We caught up with the brilliant and insightful Cassie Hamel a few weeks ago and have shared our conversation below.
Cassie, thanks for joining us, excited to have you contributing your stories and insights. What’s something crazy on unexpected that’s happened to you or your business
I woke to a phone call around 8am on October 30th 2017. It was my landlord. There had been a fire in my salon. He told me on the phone it wasn’t that bad but I should come down right away. I got dressed and my husband and I raced over. When I arrived, I instantly knew he was wrong. It was “that bad.” The windows were smashed out, there was broken glass, plants, furniture broken and blackened. I walked through the door sifting through the rubble, devastated, shocked, confused. Everything was black and there was water all over the ground. The fire department had been there and what the fire didn’t destroy they did. It was an electrical fire, the speculated caused was a hair vacuum we were using. We think it had been running while we were closed. The motor overheated and must have smoldered against the wall creating excessive smoke damage and ultimately a fire. Luckily, no one was harmed including the tenants that lived above the salon. I had only been open for 6 weeks. My salon was gone. Everything was gone.
It took 11 months to get it all back together again. In that time I questioned everything. Was this a sign? Should I even re-open? In the meantime, I rented a chair from a friend in a salon suite so I could keep my clientele. I re-branded, re-built and decided to come back even stronger. I had a long hard think in those 11 months and I did want this. In fact I needed it. I processed the whole experience as a sign to slow down. Don’t get ahead of myself, stay grounded and make this thing exactly what I wanted it to be. It was my first entrepreneurial patch. One of many, they just keep on comin,!

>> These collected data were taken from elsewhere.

(* Let $G=(V,E)$ be any graph (finite or infinite) and let $F$ and $F'$ be two partitions of $V$ each consisting of maximal ``strong'' partitive sets of $G$. Then $F=F'$.
   Context: A graph $G=(V,E)$ has vertex set $V$ and edge set $E\subseteq V^2$. A set $X\subseteq V$ is a partitive set of $G$ if for all $a,b\in X$ and $c\in V\setminus X$: $(a,c)\in E\Leftrightarrow(b,c)\in E$ and $(c,a)\in E\Leftrightarrow(c,b)\in E$; $I(G)$ is the class of partitive sets. A ``strong'' partitive set is an $X\in I(G)$ such that for every $Y\in I(G)$ with $X\cap Y\neq\emptyset$, $X\subseteq Y$ or $Y\subseteq X$; $I_F(G)$ is their class. A maximal ``strong'' partitive set is an element of $I_F(G)\setminus\{V\}$ maximal for inclusion in $I_F(G)\setminus\{V\}$. *)

From mathcomp Require Import all_boot.
From mathcomp Require Import boolp classical_sets.
Set Implicit Arguments. Unset Strict Implicit. Unset Printing Implicit Defensive.
Local Open Scope classical_set_scope.

Definition partitive (V : Type) (E : V -> V -> Prop) (X : set V) : Prop :=
  forall a b c, X a -> X b -> ~ X c ->
    (E a c <-> E b c) /\ (E c a <-> E c b).

Definition strong_partitive (V : Type) (E : V -> V -> Prop) (X : set V) : Prop :=
  partitive E X /\
  forall Y, partitive E Y -> X `&` Y !=set0 -> X `<=` Y \/ Y `<=` X.

Definition max_strong_partitive (V : Type) (E : V -> V -> Prop) (X : set V) : Prop :=
  strong_partitive E X /\ X <> setT /\
  forall Y, strong_partitive E Y -> Y <> setT -> X `<=` Y -> Y = X.

Definition is_partition (V : Type) (F : set (set V)) : Prop :=
  (forall X, F X -> X !=set0) /\
  (forall X Y, F X -> F Y -> X `&` Y !=set0 -> X = Y) /\
  (forall v : V, exists X, F X /\ X v).

From mathcomp Require Import all_boot.
From mathcomp Require Import boolp classical_sets.
Local Open Scope classical_set_scope.

(* Two intersecting maximal strong partitive sets are comparable (one is
   strong, the other partitive), hence equal by maximality of the smaller one;
   so each block of one partition is the block of the other that meets it. *)

Lemma max_strong_partitive_eq (V : Type) (E : V -> V -> Prop) (X Y : set V) :
  max_strong_partitive E X -> max_strong_partitive E Y ->
  X `&` Y !=set0 -> X = Y.
Proof.
move=> [sX [XnT maxX]] [sY [YnT maxY]] XY.
have [pY _] := sY.
have [_ cmpX] := sX.
case: (cmpX Y pY XY) => [XsubY | YsubX].
- by symmetry; apply: maxX.
- exact: maxY.
Qed.

Lemma partition_sub_max_strong_cover (V : Type) (E : V -> V -> Prop)
    (F F' : set (set V)) :
  is_partition F -> (forall X, F X -> max_strong_partitive E X) ->
  (forall v, exists X, F' X /\ X v) ->
  (forall X, F' X -> max_strong_partitive E X) ->
  F `<=` F'.
Proof.
move=> [nonempty _] maxF cover' maxF' X FX.
have [v Xv] := nonempty X FX.
have [X' [F'X' X'v]] := cover' v.
suff -> : X = X' by [].
by apply: max_strong_partitive_eq (maxF X FX) (maxF' X' F'X') _; exists v.
Qed.

Theorem lemma4p2 (V : Type) (E : V -> V -> Prop) (F F' : set (set V)) :
  is_partition F -> (forall X, F X -> max_strong_partitive E X) ->
  is_partition F' -> (forall X, F' X -> max_strong_partitive E X) ->
  F = F'.
Proof.
move=> partF maxF partF' maxF'.
have [_ [_ coverF]] := partF.
have [_ [_ coverF']] := partF'.
apply/seteqP; split.
- exact: partition_sub_max_strong_cover partF maxF coverF' maxF'.
- exact: partition_sub_max_strong_cover partF' maxF' coverF maxF.
Qed.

Great, appreciate you sharing that with us. Before we ask you to share more of your insights, can you take a moment to introduce yourself and how you got to where you are today to our readers.

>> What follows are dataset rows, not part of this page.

(* Assume the setting below, on the Shishkin mesh $S_N$ (i.e. $\lambda=N$) with mesh parameter $a\ge a_*:=\dfrac{\beta}{b(0)-\beta}$. Then the truncation error of $v$ satisfies \[ |\tau_i[v]|\le C\begin{cases} N^{-2}(\ln N)^2e^{-\beta x_i/\varepsilon}, & 1\le i\le J-1,\\ N^{-a}, & J\le i\le N-1,\end{cases} \] with $C$ independent of $\varepsilon$ and $N$.
   Context: Let $0<\varepsilon<1$. Let $b,c,f\in C^4[0,1]$, and let $\beta$ be a constant with $b(x)>\beta>0$ and $c(x)\ge0$ on $[0,1]$. Let $u$ be the solution of $-\varepsilon u''-bu'+cu=f$ on $(0,1)$ with $u(0)=u(1)=0$. Define \[ v(x)=-\frac{\varepsilon u'(0)}{b(0)}e^{-b(0)x/\varepsilon}. \] Mesh $S_\lambda$, $\lambda\in\{N,\varepsilon^{-1}\}$. $N$ is a positive integer. $Q\in(0,1)$ is a fixed rational with $J=QN$ an integer, and $a>0$. Set $\xi=(a\varepsilon/\beta)\ln\lambda$, assumed $\le Q$, and $h=\xi/J$, $H=(1-\xi)/(N-J)$. The mesh points are $x_i=ih$ ($0\le i\le J$) and $x_i=\xi+(i-J)H$ ($J\le i\le N$). Write $h_i=x_i-x_{i-1}$ and $\hbar_i=(h_i+h_{i+1})/2$. Define $D^+g(x_i)=(g(x_{i+1})-g(x_i))/h_{i+1}$, $D^-g(x_i)=(g(x_i)-g(x_{i-1}))/h_i$, $D''g(x_i)=(D^+g(x_i)-D^-g(x_i))/\hbar_i$. Let $\sigma(\rho)=2\rho/(e^{2\rho}-1)$ for $\rho>0$, $\sigma(0)=1$, and $\rho_i=b(x_i)h_{i+1}/(2\varepsilon)$. The truncation error of the ASI scheme is \[ \tau_i[g]=-\varepsilon\sigma(\rho_i)D''g(x_i)-b(x_i)D^+g(x_i)+\varepsilon g''(x_i)+b(x_i)g'(x_i),\qquad 1\le i\le N-1. \] *)

From Stdlib Require Import Reals Lra.
From Coquelicot Require Import Coquelicot.
Open Scope R_scope.

Definition C4_01 (g : R -> R) : Prop :=
  (forall k : nat, (k <= 4)%nat -> forall x, 0 <= x <= 1 -> ex_derive_n g k x) /\
  (forall x, 0 <= x <= 1 -> continuous (Derive_n g 4) x).

Definition is_solution (eps : R) (b c f u : R -> R) : Prop :=
  (forall x, 0 <= x <= 1 -> ex_derive u x /\ ex_derive (Derive u) x) /\
  (forall x, 0 <= x <= 1 -> continuous (Derive_n u 2) x) /\
  (forall x, 0 < x < 1 ->
     - eps * Derive_n u 2 x - b x * Derive u x + c x * u x = f x) /\
  u 0 = 0 /\ u 1 = 0.

Definition vfun (eps : R) (b u : R -> R) (x : R) : R :=
  - (eps * Derive u 0 / b 0) * exp (- b 0 * x / eps).

Definition xi (beta a eps lambda : R) : R := (a * eps / beta) * ln lambda.

Definition mesh (beta a eps lambda : R) (N J : nat) (i : nat) : R :=
  let xi0 := xi beta a eps lambda in
  if (i <=? J)%nat then INR i * (xi0 / INR J)
  else xi0 + (INR i - INR J) * ((1 - xi0) / (INR N - INR J)).

Definition sigma (rho : R) : R :=
  if Req_EM_T rho 0 then 1 else 2 * rho / (exp (2 * rho) - 1).

(* Truncation error tau_i[g] of the ASI scheme (i >= 1). *)
Definition tau (beta a eps lambda : R) (N J : nat) (b g : R -> R) (i : nat) : R :=
  let x := mesh beta a eps lambda N J in
  let hi := x i - x (i - 1)%nat in
  let hi1 := x (S i) - x i in
  let hbar := (hi + hi1) / 2 in
  let Dp := (g (x (S i)) - g (x i)) / hi1 in
  let Dm := (g (x i) - g (x (i - 1)%nat)) / hi in
  let D2 := (Dp - Dm) / hbar in
  let rho := b (x i) * hi1 / (2 * eps) in
  - eps * sigma rho * D2 - b (x i) * Dp
  + eps * Derive_n g 2 (x i) + b (x i) * Derive g (x i).

From Pilot Require Import Defs.
From Stdlib Require Import Reals Lra Lia Psatz.
From Coquelicot Require Import Coquelicot.
Open Scope R_scope.

(* The layer term is v = - A exp (- b(0) x / eps) with A = eps u'(0) / b(0).  It solves
   the frozen-coefficient equation - eps v'' - b(0) v' = 0, for which the ASI scheme is
   exact on a uniform mesh, so its truncation error is driven by b(x_i) - b(0) = O(x_i).
   On the fine part (step h = a eps ln N / (beta Q N)) a second-order expansion of the
   fitting defect in (b(0) - b(x_i)) h / eps gives
   |tau_i| <= C |A| (h/eps)^2 (1 + (x_i/eps)^4) exp (- b(0) x_i / eps), and the polynomial
   factor is absorbed by exp (- (b(0) - beta) x_i / eps).  On the coarse part every term of
   tau_i is bounded by the size of v at x_(i-1) >= xi - h divided by the step H >= 1/N;
   since exp (- b(0) xi / eps) = N^(- a b(0) / beta), this is O(N^-a) as soon as
   a >= beta / (b(0) - beta).  Finally A is bounded uniformly in eps: |u| <= C by a comparison
   function, and integrating the equation once over (0, x_1), where eps u'(x_1) = u(eps),
   bounds eps u'(0). *)

Lemma continuous_of_ex_derive (f : R -> R) (x : R) :
  ex_derive f x -> continuous f x.
Proof. exact (@ex_derive_continuous R_AbsRing R_NormedModule f x). Qed.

My name is Cassie Hamel. I am the owner of Little Broken Things. An alternative hair salon and art gallery rooted in creativity, self expression, and community. I have two locations, my original is in the Logan Square neighborhood of Chicago and the newer location is in the Northwest Suburb of Palatine. I have been in the hair industry since I was 16 years old. I have worked at 15+ hair salons in my career from Chicago to Nashville to Los Angeles and back home to Chicago again. I knew I wanted to build something that not only encompassed all the things I was interested in but also provided a space to cultivate a community. So many salons only did one thing and I never totally aligned with that. We are humans with interests and stories and I wanted my clients to relate and connect outside of the salon chair.

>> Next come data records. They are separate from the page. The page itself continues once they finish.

Lemma h_length_affine (a x0 y0 z0 sx sy sz V : R) :
  (forall t, h_speed a (affine x0 sx t) (affine y0 sy t) sx sy sz = V) ->
  h_length a (affine x0 sx) (affine y0 sy) (affine z0 sz) = V.
Proof.
  intros HV. unfold h_length. rewrite (RInt_ext _ (fun _ => V)).
  - rewrite RInt_const. unfold scal; simpl. unfold mult; simpl. ring.
  - intros t _. rewrite !Derive_affine. apply HV.
Qed.

Lemma h_length_horizontal_segment (a : R) :
  0 < a -> h_length a (affine 0 (4 * a)) (affine 0 0) (affine 0 0) = 4 * a.
Proof.
  intros Ha. apply h_length_affine. intros t. unfold h_speed.
  replace ((4 * a) ^ 2 + 0 ^ 2 + cos (distDelta a (affine 0 (4 * a) t) (affine 0 0 t)) ^ 2 * 0 ^ 2)
    with ((4 * a) ^ 2) by ring.
  apply sqrt_pow2. lra.
Qed.

Lemma h_length_vertex_circle (a : R) :
  0 < a -> 2 * a / sqrt 3 < PI / 2 ->
  h_length a (affine a 0) (affine (a / sqrt 3) 0) (affine 0 (2 * PI))
    = 2 * PI * cos (2 * a / sqrt 3).
Proof.
  intros Ha Hs. destruct (cos_circumradius_le a 0 0 Ha Hs) as [Hc _].
  assert (HPI := PI_RGT_0).
  apply h_length_affine. intros t. unfold h_speed, affine.
  rewrite !Rmult_0_l, !Rplus_0_r, distDelta_hexagon_vertex by exact Ha.
  replace (0 ^ 2 + 0 ^ 2 + cos (2 * a / sqrt 3) ^ 2 * (2 * PI) ^ 2)
    with ((2 * PI * cos (2 * a / sqrt 3)) ^ 2) by ring.
  apply sqrt_pow2. nra.
Qed.

Theorem mainTheorem3 (a : R) (ha : 0 < a) (hsmall : 2 * a / sqrt 3 < PI / 2) :
  systole_hex a = Finite (Rmin (4 * a) (2 * PI * cos (2 * a / sqrt 3))).
Proof.
  destruct (cos_circumradius_le a 0 0 ha hsmall) as [Hc _].
  assert (HPI := PI_RGT_0).
  apply Glb_Rbar_attained.
  - destruct (Rle_dec (4 * a) (2 * PI * cos (2 * a / sqrt 3))) as [E | E];
      [rewrite Rmin_left by lra | rewrite Rmin_right by lra].
    + exists (affine 0 (4 * a)), (affine 0 0), (affine 0 0). split.
      * apply affine_noncontractible_loop; [exists 1%Z, 0%Z, 0%Z; simpl; repeat split; ring |].
        intros H; inversion H; lra.
      * symmetry. apply h_length_horizontal_segment, ha.
    + exists (affine a 0), (affine (a / sqrt 3) 0), (affine 0 (2 * PI)). split.
      * apply affine_noncontractible_loop; [exists 0%Z, 0%Z, 1%Z; simpl; repeat split; ring |].
        intros H; inversion H; lra.
      * symmetry. apply h_length_vertex_circle; auto.
  - intros L [gx [gy [gz [[Hpw [HL Hnz]] ->]]]].
    eapply Rle_trans; [apply Lambda_flat_norm_ge; eauto; lra |].
    apply flat_norm_le_h_length; auto.
Qed.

I am proud of what we have built. I believe strongly in collaboration over competition. We will always get more done by working together. My team is such a big part of the things that we do. Not only are they talented stylists but they are creatives, artists, musicians etc. I wanted them to have a place to be seen and valued for everything they have to offer. Not just their skills behind the salon chair.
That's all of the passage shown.